Prompt. Each line in the records below, from the one that contains "exact: (adm_fiber s12_adm)." to the one that contains "Local Open Scope ring_scope.", should be reproduced exactly, the first and last included.

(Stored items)
====

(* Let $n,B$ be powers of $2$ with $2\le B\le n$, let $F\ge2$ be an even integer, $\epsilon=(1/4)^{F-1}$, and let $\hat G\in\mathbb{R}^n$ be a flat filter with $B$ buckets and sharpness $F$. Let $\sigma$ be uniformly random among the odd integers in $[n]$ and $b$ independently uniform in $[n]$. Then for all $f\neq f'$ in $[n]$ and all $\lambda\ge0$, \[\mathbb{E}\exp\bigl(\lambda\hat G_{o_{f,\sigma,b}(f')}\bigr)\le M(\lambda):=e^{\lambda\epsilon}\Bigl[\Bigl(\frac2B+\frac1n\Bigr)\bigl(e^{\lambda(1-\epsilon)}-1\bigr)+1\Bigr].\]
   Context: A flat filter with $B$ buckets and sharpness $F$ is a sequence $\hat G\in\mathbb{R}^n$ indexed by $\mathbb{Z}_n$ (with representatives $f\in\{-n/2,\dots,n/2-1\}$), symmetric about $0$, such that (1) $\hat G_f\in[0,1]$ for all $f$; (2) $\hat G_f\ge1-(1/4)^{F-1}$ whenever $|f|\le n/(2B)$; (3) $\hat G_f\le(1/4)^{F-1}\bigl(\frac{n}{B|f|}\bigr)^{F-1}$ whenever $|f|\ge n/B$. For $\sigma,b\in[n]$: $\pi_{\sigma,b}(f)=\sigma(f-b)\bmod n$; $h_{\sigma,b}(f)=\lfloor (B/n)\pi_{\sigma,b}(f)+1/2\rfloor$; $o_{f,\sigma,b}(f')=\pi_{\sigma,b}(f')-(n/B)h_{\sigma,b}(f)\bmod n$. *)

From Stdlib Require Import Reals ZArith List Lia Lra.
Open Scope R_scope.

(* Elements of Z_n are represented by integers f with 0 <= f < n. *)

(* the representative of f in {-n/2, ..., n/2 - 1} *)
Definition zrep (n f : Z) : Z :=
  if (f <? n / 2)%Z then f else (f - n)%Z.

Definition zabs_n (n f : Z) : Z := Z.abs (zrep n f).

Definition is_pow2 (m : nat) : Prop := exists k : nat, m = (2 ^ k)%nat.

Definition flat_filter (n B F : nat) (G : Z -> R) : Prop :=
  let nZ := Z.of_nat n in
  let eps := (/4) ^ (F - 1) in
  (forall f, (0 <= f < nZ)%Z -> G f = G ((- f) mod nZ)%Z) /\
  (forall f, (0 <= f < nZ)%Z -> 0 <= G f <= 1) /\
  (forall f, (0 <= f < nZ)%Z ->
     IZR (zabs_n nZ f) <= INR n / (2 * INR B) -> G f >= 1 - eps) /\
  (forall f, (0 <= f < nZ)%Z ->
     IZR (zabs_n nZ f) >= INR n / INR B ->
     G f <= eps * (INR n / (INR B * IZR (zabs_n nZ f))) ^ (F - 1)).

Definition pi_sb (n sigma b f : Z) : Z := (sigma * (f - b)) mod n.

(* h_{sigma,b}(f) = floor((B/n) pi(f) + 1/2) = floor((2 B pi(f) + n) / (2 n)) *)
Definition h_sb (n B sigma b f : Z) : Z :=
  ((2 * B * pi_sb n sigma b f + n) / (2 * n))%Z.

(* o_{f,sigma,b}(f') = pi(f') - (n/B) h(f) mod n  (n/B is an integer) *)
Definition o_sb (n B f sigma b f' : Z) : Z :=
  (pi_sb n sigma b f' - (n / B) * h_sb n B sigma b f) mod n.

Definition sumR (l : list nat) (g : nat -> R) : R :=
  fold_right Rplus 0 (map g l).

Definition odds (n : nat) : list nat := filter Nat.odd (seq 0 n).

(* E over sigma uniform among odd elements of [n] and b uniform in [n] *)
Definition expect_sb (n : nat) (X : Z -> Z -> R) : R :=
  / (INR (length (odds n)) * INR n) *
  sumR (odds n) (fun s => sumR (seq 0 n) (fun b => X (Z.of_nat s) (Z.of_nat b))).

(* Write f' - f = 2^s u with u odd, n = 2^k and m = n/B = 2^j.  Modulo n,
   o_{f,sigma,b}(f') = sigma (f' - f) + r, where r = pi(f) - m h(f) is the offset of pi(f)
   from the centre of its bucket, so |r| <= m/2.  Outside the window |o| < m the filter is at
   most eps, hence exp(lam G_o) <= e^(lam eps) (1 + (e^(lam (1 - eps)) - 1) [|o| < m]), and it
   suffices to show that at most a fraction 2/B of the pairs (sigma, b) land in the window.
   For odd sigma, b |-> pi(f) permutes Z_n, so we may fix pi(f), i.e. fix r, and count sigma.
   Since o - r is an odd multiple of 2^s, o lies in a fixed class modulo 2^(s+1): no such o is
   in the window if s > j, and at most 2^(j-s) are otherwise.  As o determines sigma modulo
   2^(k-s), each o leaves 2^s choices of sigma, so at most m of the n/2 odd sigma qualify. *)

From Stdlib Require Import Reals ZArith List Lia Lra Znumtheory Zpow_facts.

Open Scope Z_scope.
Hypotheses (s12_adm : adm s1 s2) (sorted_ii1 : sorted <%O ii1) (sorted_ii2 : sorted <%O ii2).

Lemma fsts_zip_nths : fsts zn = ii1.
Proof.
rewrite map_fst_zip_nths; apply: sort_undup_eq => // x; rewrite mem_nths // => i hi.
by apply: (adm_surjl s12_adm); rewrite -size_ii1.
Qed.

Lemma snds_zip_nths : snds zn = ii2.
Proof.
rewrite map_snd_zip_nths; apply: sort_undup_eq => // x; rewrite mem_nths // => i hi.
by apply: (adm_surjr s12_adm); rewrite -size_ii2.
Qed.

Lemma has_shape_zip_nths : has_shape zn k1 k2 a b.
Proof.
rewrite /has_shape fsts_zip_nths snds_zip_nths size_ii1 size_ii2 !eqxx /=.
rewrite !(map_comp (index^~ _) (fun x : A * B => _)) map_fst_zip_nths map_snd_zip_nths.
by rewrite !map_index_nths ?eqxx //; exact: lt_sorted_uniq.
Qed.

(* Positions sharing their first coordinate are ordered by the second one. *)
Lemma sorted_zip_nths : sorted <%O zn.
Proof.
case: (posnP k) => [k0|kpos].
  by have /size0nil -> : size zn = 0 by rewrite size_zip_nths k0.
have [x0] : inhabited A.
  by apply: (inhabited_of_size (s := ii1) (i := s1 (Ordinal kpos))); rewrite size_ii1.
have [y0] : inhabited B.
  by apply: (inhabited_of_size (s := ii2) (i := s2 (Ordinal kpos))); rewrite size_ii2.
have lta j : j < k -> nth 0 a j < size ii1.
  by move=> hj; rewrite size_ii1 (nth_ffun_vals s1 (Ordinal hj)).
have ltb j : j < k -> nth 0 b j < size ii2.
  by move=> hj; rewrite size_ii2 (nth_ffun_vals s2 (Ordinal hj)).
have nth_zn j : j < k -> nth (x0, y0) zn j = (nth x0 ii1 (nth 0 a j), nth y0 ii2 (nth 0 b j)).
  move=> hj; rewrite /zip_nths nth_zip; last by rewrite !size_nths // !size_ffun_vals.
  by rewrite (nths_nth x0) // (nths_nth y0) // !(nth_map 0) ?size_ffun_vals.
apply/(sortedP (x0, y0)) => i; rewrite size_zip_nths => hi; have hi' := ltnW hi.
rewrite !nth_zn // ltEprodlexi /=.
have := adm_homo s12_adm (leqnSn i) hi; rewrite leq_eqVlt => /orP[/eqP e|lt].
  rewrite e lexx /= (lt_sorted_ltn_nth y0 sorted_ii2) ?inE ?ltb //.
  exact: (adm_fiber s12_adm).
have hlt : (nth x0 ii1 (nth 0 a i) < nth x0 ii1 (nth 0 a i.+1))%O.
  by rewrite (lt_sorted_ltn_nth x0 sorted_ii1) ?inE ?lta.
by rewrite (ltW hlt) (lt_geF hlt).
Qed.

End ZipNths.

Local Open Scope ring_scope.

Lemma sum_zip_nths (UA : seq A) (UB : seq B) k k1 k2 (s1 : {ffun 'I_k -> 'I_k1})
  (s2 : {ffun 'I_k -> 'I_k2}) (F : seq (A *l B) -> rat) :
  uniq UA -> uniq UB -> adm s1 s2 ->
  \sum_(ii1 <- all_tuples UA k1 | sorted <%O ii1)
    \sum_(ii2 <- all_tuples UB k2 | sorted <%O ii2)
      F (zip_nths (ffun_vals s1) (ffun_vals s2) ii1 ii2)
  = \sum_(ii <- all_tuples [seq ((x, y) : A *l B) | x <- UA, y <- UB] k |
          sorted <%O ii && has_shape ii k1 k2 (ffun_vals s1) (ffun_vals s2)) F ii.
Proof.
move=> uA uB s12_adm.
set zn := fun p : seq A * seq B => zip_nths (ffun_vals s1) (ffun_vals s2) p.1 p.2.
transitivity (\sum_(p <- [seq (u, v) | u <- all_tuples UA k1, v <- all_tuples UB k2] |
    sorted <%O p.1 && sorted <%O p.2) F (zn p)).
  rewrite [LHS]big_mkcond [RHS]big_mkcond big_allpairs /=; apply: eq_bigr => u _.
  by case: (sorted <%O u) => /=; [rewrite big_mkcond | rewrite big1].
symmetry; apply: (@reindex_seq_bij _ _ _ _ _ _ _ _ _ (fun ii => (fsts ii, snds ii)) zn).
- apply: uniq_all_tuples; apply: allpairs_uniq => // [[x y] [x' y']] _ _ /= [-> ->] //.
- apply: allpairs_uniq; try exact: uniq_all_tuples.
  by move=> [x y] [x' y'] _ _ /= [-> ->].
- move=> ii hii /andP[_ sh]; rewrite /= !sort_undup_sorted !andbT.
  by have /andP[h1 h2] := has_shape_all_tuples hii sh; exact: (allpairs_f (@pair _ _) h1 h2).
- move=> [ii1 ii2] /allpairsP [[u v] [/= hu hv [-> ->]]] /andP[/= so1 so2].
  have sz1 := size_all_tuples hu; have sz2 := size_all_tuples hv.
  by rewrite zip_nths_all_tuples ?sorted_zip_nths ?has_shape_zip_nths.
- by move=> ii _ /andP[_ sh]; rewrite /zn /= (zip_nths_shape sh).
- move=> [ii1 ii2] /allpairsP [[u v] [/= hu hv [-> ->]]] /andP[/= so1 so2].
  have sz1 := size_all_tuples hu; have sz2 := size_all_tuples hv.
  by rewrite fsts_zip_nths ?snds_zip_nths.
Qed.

====

Solved exercise.
  exact: (adm_fiber s12_adm).
have hlt : (nth x0 ii1 (nth 0 a i) < nth x0 ii1 (nth 0 a i.+1))%O.
  by rewrite (lt_sorted_ltn_nth x0 sorted_ii1) ?inE ?lta.
by rewrite (ltW hlt) (lt_geF hlt).
Qed.

End ZipNths.

Local Open Scope ring_scope.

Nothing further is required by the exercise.